(* For every $n \geq 1$, every $c \in \{1,\ldots,n\}$, every $p=(p_1,\ldots,p_n) \in (0,1)^n$ with $p_1+\cdots+p_n \leq 1$, and every integer $k \geq 0$, $$\Pr\{T_{c,n}(p) > k\} = \sum_{i=0}^{c-1} (-1)^{c-1-i} \binom{n-i-1}{n-c} \sum_{J \in S_{i,n}} (p_0 + P_J)^k.$$
   Context: Let $p=(p_1,\ldots,p_n)$ with $p_i \in (0,1)$ and $p_1+\cdots+p_n \le 1$, and set $p_0 = 1-(p_1+\cdots+p_n)$. Coupons are drawn independently, one at each time $1,2,\ldots$, from $\{0,1,\ldots,n\}$, coupon $i$ being drawn with probability $p_i$; coupon $0$ (the null coupon) never belongs to the collection. For $1 \le c \le n$, $T_{c,n}(p)$ is the number of draws needed until, for the first time, $c$ distinct coupons among $\{1,\ldots,n\}$ have been drawn. For $J \subseteq \{1,\ldots,n\}$, $P_J = \sum_{j\in J} p_j$ with $P_\emptyset = 0$, and $S_{i,n} = \{J \subseteq \{1,\ldots,n\} : |J| = i\}$. Convention: $0^0=1$. *)

From HB Require Import structures.
From mathcomp Require Import all_boot all_order all_algebra.
Set Implicit Arguments. Unset Strict Implicit. Unset Printing Implicit Defensive.
Import Order.TTheory GRing.Theory Num.Theory.
Local Open Scope ring_scope.

(* Coupons are the elements of 'I_n.+1 ; ord0 is the null coupon 0 and
   coupon (lift ord0 j) (value j+1) corresponds to p j, j : 'I_n. *)

Definition p0 (R : ringType) (n : nat) (p : 'I_n -> R) : R :=
  1 - \sum_(j < n) p j.

Definition coupon_prob (R : ringType) (n : nat) (p : 'I_n -> R)
  (x : 'I_n.+1) : R :=
  match unlift ord0 x with
  | None => p0 p
  | Some j => p j
  end.

Definition PJ (R : ringType) (n : nat) (p : 'I_n -> R) (J : {set 'I_n}) : R :=
  \sum_(j in J) p j.

Definition collected (n k : nat) (s : {ffun 'I_k -> 'I_n.+1}) (m : nat) : nat :=
  #|[set s i | i : 'I_k & (i < m)%N] :\ ord0|.

(* T_{c,n} > k for a draw sequence whose first k draws are s: no time
   m <= k at which c distinct coupons of {1..n} have been collected. *)
Definition T_gt (n c k : nat) (s : {ffun 'I_k -> 'I_n.+1}) : bool :=
  [forall m : 'I_k.+1, (collected s m < c)%N].

Definition seq_prob (R : ringType) (n k : nat) (p : 'I_n -> R)
  (s : {ffun 'I_k -> 'I_n.+1}) : R :=
  \prod_(i < k) coupon_prob p (s i).

(* Pr{ T_{c,n}(p) > k }: the event depends only on the first k draws *)
Definition prob_T_gt (R : ringType) (n c k : nat) (p : 'I_n -> R) : R :=
  \sum_(s : {ffun 'I_k -> 'I_n.+1} | T_gt c s) seq_prob p s.

From HB Require Import structures.
From mathcomp Require Import all_boot all_order all_algebra.
From mathcomp Require Import zify ring.
Import Order.TTheory GRing.Theory Num.Theory.
Local Open Scope ring_scope.

(* A draw sequence s contributes to (p0 + P_J)^k exactly when every non-null
   coupon it draws lies in J.  Summing over |J| = i therefore counts s once for
   each i-superset of the set A of coupons it drew, that is C(n - |A|, i - |A|)
   times, and the theorem reduces to the binomial identity
     sum_(i < c) (-1)^(c-1-i) C(n-i-1, n-c) C(n-|A|, i-|A|) = [|A| < c],
   which follows by Pascal induction from the alternating sum
     sum_(j <= d) (-1)^(d-j) C(m-j, d-j) C(m, j) = [d = 0],
   itself a consequence of trinomial revision and (1 - 1)^d = [d = 0]. *)

Lemma card_supsets (T : finType) (A : {set T}) i :
  #|[set J : {set T} | A \subset J & #|J| == i]| =
  ((#|A| <= i) * 'C(#|T| - #|A|, i - #|A|))%N.
Proof.
have [leAi | ltiA] := leqP #|A| i; last first.
  rewrite mul0n; apply: eq_card0 => J; rewrite inE.
  apply/negP => /andP[/subset_leq_card leAJ /eqP cardJ].
  by rewrite -cardJ ltnNge leAJ in ltiA.
rewrite mul1n -(cardsC A) addKn -cards_draws.
have setUD (J : {set T}) : A \subset J -> A :|: J :\: A = J.
  by move=> sAJ; rewrite -{1}(setIidPr sAJ) setID.
rewrite -(card_in_imset (f := fun J => J :\: A)); last first.
  move=> J1 J2; rewrite !inE => /andP[sAJ1 _] /andP[sAJ2 _] eqJ.
  by rewrite -(setUD J1) // eqJ setUD.
apply: eq_card => B; rewrite [in RHS]inE; apply/imsetP/andP.
  case=> J; rewrite inE => /andP[sAJ /eqP cardJ] ->.
  by rewrite subsetDr cardsDS // cardJ.
case=> sBA /eqP cardB.
have disjBA : [disjoint B & A] by rewrite -(setCK A) -subsets_disjoint.
exists (A :|: B); last by rewrite setDUl setDv set0U (setDidPl disjBA).
rewrite inE subsetUl cardsU (disjoint_setI0 _) 1?disjoint_sym //.
by rewrite cards0 subn0 cardB subnKC ?eqxx.
Qed.

Lemma bin_mul_bin x y z : (z <= y <= x)%N ->
  ('C(x, y) * 'C(y, z) = 'C(x, z) * 'C(x - z, y - z))%N.
Proof.
case/andP=> le_zy le_yx; have le_zx := leq_trans le_zy le_yx.
have facts_gt0 : (0 < z`! * (y - z)`! * (x - y)`!)%N by rewrite !muln_gt0 !fact_gt0.
apply/eqP; rewrite -(eqn_pmul2r facts_gt0); apply/eqP.
transitivity ('C(x, y) * ('C(y, z) * (z`! * (y - z)`!)) * (x - y)`!)%N; first ring.
rewrite bin_fact // -mulnA bin_fact //.
transitivity ('C(x, z) * z`! * ('C(x - z, y - z) * ((y - z)`! * (x - y)`!)))%N; last ring.
have := bin_fact (leq_sub2r z le_yx); rewrite (_ : x - z - (y - z) = x - y)%N; last by lia.
by move=> ->; rewrite -mulnA bin_fact.
Qed.

Section AlternatingBinomialSums.
Variable R : comPzRingType.

Lemma sum_alt_bin d : \sum_(j < d.+1) (-1) ^+ (d - j) * 'C(d, j)%:R = (d == 0)%:R :> R.
Proof.
have := exprDn (-1 : R) 1 d; rewrite addNr expr0n => ->.
by apply: eq_bigr => j _; rewrite expr1n mulr1 mulr_natr.
Qed.

Lemma sum_alt_bin_mul_bin m d : (d <= m)%N ->
  \sum_(j < d.+1) (-1) ^+ (d - j) * 'C(m - j, d - j)%:R * 'C(m, j)%:R
  = (d == 0)%:R :> R.
Proof.
move=> le_dm.
transitivity ('C(m, d)%:R * \sum_(j < d.+1) (-1) ^+ (d - j) * 'C(d, j)%:R : R).
  rewrite big_distrr; apply: eq_bigr => j _ /=.
  have le_jd : (j <= d)%N by rewrite -ltnS.
  by rewrite -mulrA -natrM mulnC -bin_mul_bin ?le_jd // natrM mulrCA.
by rewrite sum_alt_bin; case: (d) => [|d']; rewrite ?bin0 ?mulr1 ?mulr0.
Qed.

Lemma sum_alt_bin_mul_binS n e : (e <= n)%N ->
  \sum_(j < e.+1) (-1) ^+ (e - j) * 'C(n - j, e - j)%:R * 'C(n.+1, j)%:R
  = 1 :> R.
Proof.
elim: e => [|e IHe] le_en; first by rewrite big_ord1 !subn0 !bin0 expr0 !mul1r.
transitivity (\sum_(j < e.+2) (-1) ^+ (e.+1 - j) * 'C(n.+1 - j, e.+1 - j)%:R * 'C(n.+1, j)%:R
  + \sum_(j < e.+1) (-1) ^+ (e - j) * 'C(n - j, e - j)%:R * 'C(n.+1, j)%:R : R).
  rewrite big_ord_recr [X in _ = X + _]big_ord_recr /= [RHS]addrAC subnn.
  congr (_ + _); last by rewrite !bin0.
  rewrite -big_split; apply: eq_bigr => j _ /=.
  have le_je : (j <= e)%N by rewrite -ltnS.
  have le_jn : (j <= n)%N by rewrite (leq_trans le_je) // ltnW.
  by rewrite (subSn le_je) (subSn le_jn) binS natrD exprS; ring.
by rewrite sum_alt_bin_mul_bin ?add0r ?IHe // ltnW.
Qed.

Lemma sum_alt_bin_supsets n a c : (c <= n)%N ->
  \sum_(0 <= i < c) (-1) ^+ (c - 1 - i) * 'C(n - i - 1, n - c)%:R *
     ((a <= i) * 'C(n - a, i - a))%N%:R = (a < c)%:R :> R.
Proof.
move=> le_cn; have [le_ca | lt_ac] := leqP c a.
  rewrite big_nat_cond big1 // => i /andP[/andP[_ lt_ic] _].
  by rewrite leqNgt (leq_trans lt_ic le_ca) mul0n mulr0.
rewrite (@big_cat_nat _ _ _ a) ?(ltnW lt_ac) //=.
rewrite big_nat_cond big1 ?add0r => [|i /andP[/andP[_ lt_ia] _]]; last first.
  by rewrite leqNgt lt_ia mul0n mulr0.
rewrite -{1}[a]add0n big_addn big_mkord.
have -> : (c - a = (c - 1 - a).+1)%N by lia.
have le_ca_na : (c - 1 - a <= n - a - 1)%N by lia.
transitivity (1 : R); last by [].
refine (etrans _ (sum_alt_bin_mul_binS (n - a - 1) (c - 1 - a) le_ca_na)).
apply: eq_bigr => j _; have := ltn_ord j; rewrite leq_addl mul1n addnK => lt_j.
rewrite (_ : c - 1 - (j + a) = c - 1 - a - j)%N; last by lia.
rewrite (_ : n - (j + a) - 1 = n - a - 1 - j)%N; last by lia.
rewrite (_ : n - c = (n - a - 1 - j) - (c - 1 - a - j))%N; last by lia.
by rewrite bin_sub; [congr (_ * 'C(_, _)%:R); lia | lia].
Qed.

End AlternatingBinomialSums.

Lemma lift_imset_notin n (i0 : 'I_n.+1) (A : {pred 'I_n}) : i0 \notin lift i0 @: A.
Proof. by apply/imsetP => -[j _ /eqP]; rewrite (negbTE (neq_lift _ _)). Qed.

Lemma card_lift_preim n (i0 : 'I_n.+1) (X : {set 'I_n.+1}) :
  #|[set j | lift i0 j \in X]| = #|X :\ i0|.
Proof.
rewrite -(card_imset _ (@lift_inj _ i0)); apply: eq_card => x; rewrite !inE.
case: (unliftP i0 x) => [j ->|->]; last first.
  by rewrite eqxx (negbTE (lift_imset_notin _ _ _)).
by rewrite mem_imset ?inE 1?eq_sym ?neq_lift //; apply: lift_inj.
Qed.

Section Draws.
Variables (n k : nat).
Implicit Type s : {ffun 'I_k -> 'I_n.+1}.

Definition drawn s m : {set 'I_n} :=
  [set j | lift ord0 j \in [set s i | i : 'I_k & (i < m)%N]].

Lemma collectedE s m : collected s m = #|drawn s m|.
Proof. by rewrite card_lift_preim. Qed.

Lemma drawn_sub_all s m : drawn s m \subset drawn s k.
Proof.
apply/subsetP => j; rewrite !inE => /imsetP[i _ ->].
by apply/imsetP; exists i; rewrite ?inE.
Qed.

Lemma T_gtE c s : T_gt c s = (#|drawn s k| < c)%N.
Proof.
apply/forallP/idP => [/(_ ord_max) | lt_c m]; first by rewrite collectedE.
by rewrite collectedE (leq_ltn_trans _ lt_c) ?subset_leq_card ?drawn_sub_all.
Qed.

Definition allowed (J : {set 'I_n}) : {set 'I_n.+1} := ord0 |: lift ord0 @: J.

Lemma drawn_subsetE s (J : {set 'I_n}) :
  (drawn s k \subset J) = (s \in ffun_on (mem (allowed J))).
Proof.
apply/subsetP/ffun_onP => [sJ i | sJ j].
  rewrite !inE; case: (unliftP ord0 (s i)) => [j e|->]; last by rewrite eqxx.
  rewrite e mem_imset ?orbT ?sJ //; last exact: lift_inj.
  by rewrite inE; apply/imsetP; exists i; rewrite ?inE.
rewrite inE => /imsetP[i _ e]; move: (sJ i); rewrite !inE -e.
by rewrite eq_sym (negbTE (neq_lift _ _)) mem_imset //; apply: lift_inj.
Qed.
End Draws.
Arguments drawn {n k}.
Arguments allowed {n}.

Section Probability.
Variables (R : comNzRingType) (n k : nat) (p : 'I_n -> R).

Lemma sum_coupon_prob_allowed (J : {set 'I_n}) :
  \sum_(x in allowed J) coupon_prob p x = p0 p + PJ p J.
Proof.
rewrite big_setU1 ?lift_imset_notin //=.
rewrite big_imset /=; last by move=> ? ? _ _; apply: lift_inj.
by rewrite /coupon_prob unlift_none; congr (_ + _); apply: eq_bigr => j _; rewrite liftK.
Qed.

Lemma sum_seq_prob_drawn_subset (J : {set 'I_n}) :
  \sum_(s : {ffun 'I_k -> 'I_n.+1} | drawn s k \subset J) seq_prob p s
  = (p0 p + PJ p J) ^+ k.
Proof.
rewrite -sum_coupon_prob_allowed -[X in _ ^+ X](card_ord k) -prodr_const.
by rewrite bigA_distr_big; apply: eq_bigl => s; apply: drawn_subsetE.
Qed.

Lemma prob_T_gtE c :
  prob_T_gt c k p =
  \sum_(s : {ffun 'I_k -> 'I_n.+1}) seq_prob p s * (#|drawn s k| < c)%:R.
Proof.
rewrite /prob_T_gt big_mkcond; apply: eq_bigr => s _.
by rewrite T_gtE; case: ifP; rewrite ?mulr1 ?mulr0.
Qed.

Lemma sum_pow_p0_PJ i :
  \sum_(J : {set 'I_n} | #|J| == i) (p0 p + PJ p J) ^+ k =
  \sum_(s : {ffun 'I_k -> 'I_n.+1})
     seq_prob p s * #|[set J : {set 'I_n} | drawn s k \subset J & #|J| == i]|%:R.
Proof.
under eq_bigr => J _ do rewrite -sum_seq_prob_drawn_subset.
rewrite (exchange_big_dep xpredT) //=; apply: eq_bigr => s _.
rewrite (eq_bigl [in [set J : {set 'I_n} | drawn s k \subset J & #|J| == i]]).
  by rewrite sumr_const mulr_natr.
by move=> J; rewrite !inE andbC.
Qed.

End Probability.

Theorem theorem1 (R : realFieldType) (n c : nat) (p : 'I_n -> R) (k : nat) :
  (1 <= n)%N -> (1 <= c <= n)%N ->
  (forall i, 0 < p i < 1) -> \sum_(i < n) p i <= 1 ->
  prob_T_gt c k p =
  \sum_(i < c) (-1) ^+ (c - 1 - i) * ('C(n - i - 1, n - c))%:R *
     \sum_(J : {set 'I_n} | #|J| == i) (p0 p + PJ p J) ^+ k.
Proof.
move=> _ /andP[_ le_cn] _ _.
rewrite prob_T_gtE.
under [RHS]eq_bigr => i _ do rewrite sum_pow_p0_PJ big_distrr.
rewrite [RHS]exchange_big; apply: eq_bigr => s _ /=.
rewrite -(sum_alt_bin_supsets R n #|drawn s k| c le_cn) big_mkord big_distrr.
by apply: eq_bigr => i _; rewrite card_supsets card_ord mulrCA.
Qed.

TASK ITEM: Copy out, exactly and alone, the lines of the entries above between the ones holding "match unlift ord0 x with" and "m <= k at which", inclusive.

TASK SOLUTION:
  match unlift ord0 x with
  | None => p0 p
  | Some j => p j
  end.

Definition PJ (R : ringType) (n : nat) (p : 'I_n -> R) (J : {set 'I_n}) : R :=
  \sum_(j in J) p j.

Definition collected (n k : nat) (s : {ffun 'I_k -> 'I_n.+1}) (m : nat) : nat :=
  #|[set s i | i : 'I_k & (i < m)%N] :\ ord0|.

(* T_{c,n} > k for a draw sequence whose first k draws are s: no time
   m <= k at which c distinct coupons of {1..n} have been collected. *)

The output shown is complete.